Saved entries
..........
(* Let $(\Omega,\mathcal{F},(\mathcal{F}_t)_{t\in[0,T]},P)$ be a filtered probability space, $T>0$, and let $(X_t)_{t\in[0,T]}$ be a nonnegative continuous sub-martingale whose initial value $X_0$ is a deterministic constant. Let $M_t=\max_{0\le s\le t}X_s$. Let $p>0$ and suppose that $E\left(\int_0^T M_t^{2p}\,d[X,X]_t\right)<\infty$. Then $$E\left(X_T M_T^{p}\right)\ge\frac{p}{p+1}E\left(M_T^{p+1}\right)+\frac{1}{p+1}X_0^{p+1}.$$
   Context: $[X,X]_t$ denotes the quadratic variation of $X$. $M_t$ is the running maximum of $X$. *)

From HB Require Import structures.
From mathcomp Require Import all_boot all_order all_algebra.
From mathcomp Require Import all_classical all_reals all_analysis.
Set Implicit Arguments. Unset Strict Implicit. Unset Printing Implicit Defensive.
Import Order.TTheory GRing.Theory Num.Theory.
Import numFieldNormedType.Exports.
Local Open Scope classical_set_scope.
Local Open Scope ring_scope.

Section Defs.
Context {d : measure_display} {Omega : measurableType d} {R : realType}.

Definition filtration (T : R) (F : R -> set (set Omega)) : Prop :=
  (forall t, 0 <= t <= T -> sigma_algebra setT (F t) /\ F t `<=` measurable) /\
  (forall s t, 0 <= s -> s <= t -> t <= T -> F s `<=` F t).

Definition adapted (T : R) (F : R -> set (set Omega)) (X : R -> Omega -> R)
  : Prop :=
  forall t, 0 <= t <= T ->
    forall B : set R, measurable B -> F t (X t @^-1` B).

(* Submartingale on [0,T] w.r.t. F and P, stated without conditional
   expectations: E[X_s 1_A] <= E[X_t 1_A] for s <= t and A in F_s. *)
Definition submartingale (P : probability Omega R) (T : R)
  (F : R -> set (set Omega)) (X : R -> Omega -> R) : Prop :=
  adapted T F X /\
  (forall t, 0 <= t <= T -> P.-integrable setT (EFin \o X t)) /\
  (forall s t, 0 <= s -> s <= t -> t <= T -> forall A, F s A ->
     (\int[P]_(w in A) (X s w)%:E <= \int[P]_(w in A) (X t w)%:E)%E).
..........
▶ **ASSIGNMENT**: Each line above should appear again, reproduced exactly.

▶ **REPLY TO THE TASK**:
(* Let $(\Omega,\mathcal{F},(\mathcal{F}_t)_{t\in[0,T]},P)$ be a filtered probability space, $T>0$, and let $(X_t)_{t\in[0,T]}$ be a nonnegative continuous sub-martingale whose initial value $X_0$ is a deterministic constant. Let $M_t=\max_{0\le s\le t}X_s$. Let $p>0$ and suppose that $E\left(\int_0^T M_t^{2p}\,d[X,X]_t\right)<\infty$. Then $$E\left(X_T M_T^{p}\right)\ge\frac{p}{p+1}E\left(M_T^{p+1}\right)+\frac{1}{p+1}X_0^{p+1}.$$
   Context: $[X,X]_t$ denotes the quadratic variation of $X$. $M_t$ is the running maximum of $X$. *)

From HB Require Import structures.
From mathcomp Require Import all_boot all_order all_algebra.
From mathcomp Require Import all_classical all_reals all_analysis.
Set Implicit Arguments. Unset Strict Implicit. Unset Printing Implicit Defensive.
Import Order.TTheory GRing.Theory Num.Theory.
Import numFieldNormedType.Exports.
Local Open Scope classical_set_scope.
Local Open Scope ring_scope.

Section Defs.
Context {d : measure_display} {Omega : measurableType d} {R : realType}.

Definition filtration (T : R) (F : R -> set (set Omega)) : Prop :=
  (forall t, 0 <= t <= T -> sigma_algebra setT (F t) /\ F t `<=` measurable) /\
  (forall s t, 0 <= s -> s <= t -> t <= T -> F s `<=` F t).

Definition adapted (T : R) (F : R -> set (set Omega)) (X : R -> Omega -> R)
  : Prop :=
  forall t, 0 <= t <= T ->
    forall B : set R, measurable B -> F t (X t @^-1` B).

(* Submartingale on [0,T] w.r.t. F and P, stated without conditional
   expectations: E[X_s 1_A] <= E[X_t 1_A] for s <= t and A in F_s. *)
Definition submartingale (P : probability Omega R) (T : R)
  (F : R -> set (set Omega)) (X : R -> Omega -> R) : Prop :=
  adapted T F X /\
  (forall t, 0 <= t <= T -> P.-integrable setT (EFin \o X t)) /\
  (forall s t, 0 <= s -> s <= t -> t <= T -> forall A, F s A ->
     (\int[P]_(w in A) (X s w)%:E <= \int[P]_(w in A) (X t w)%:E)%E).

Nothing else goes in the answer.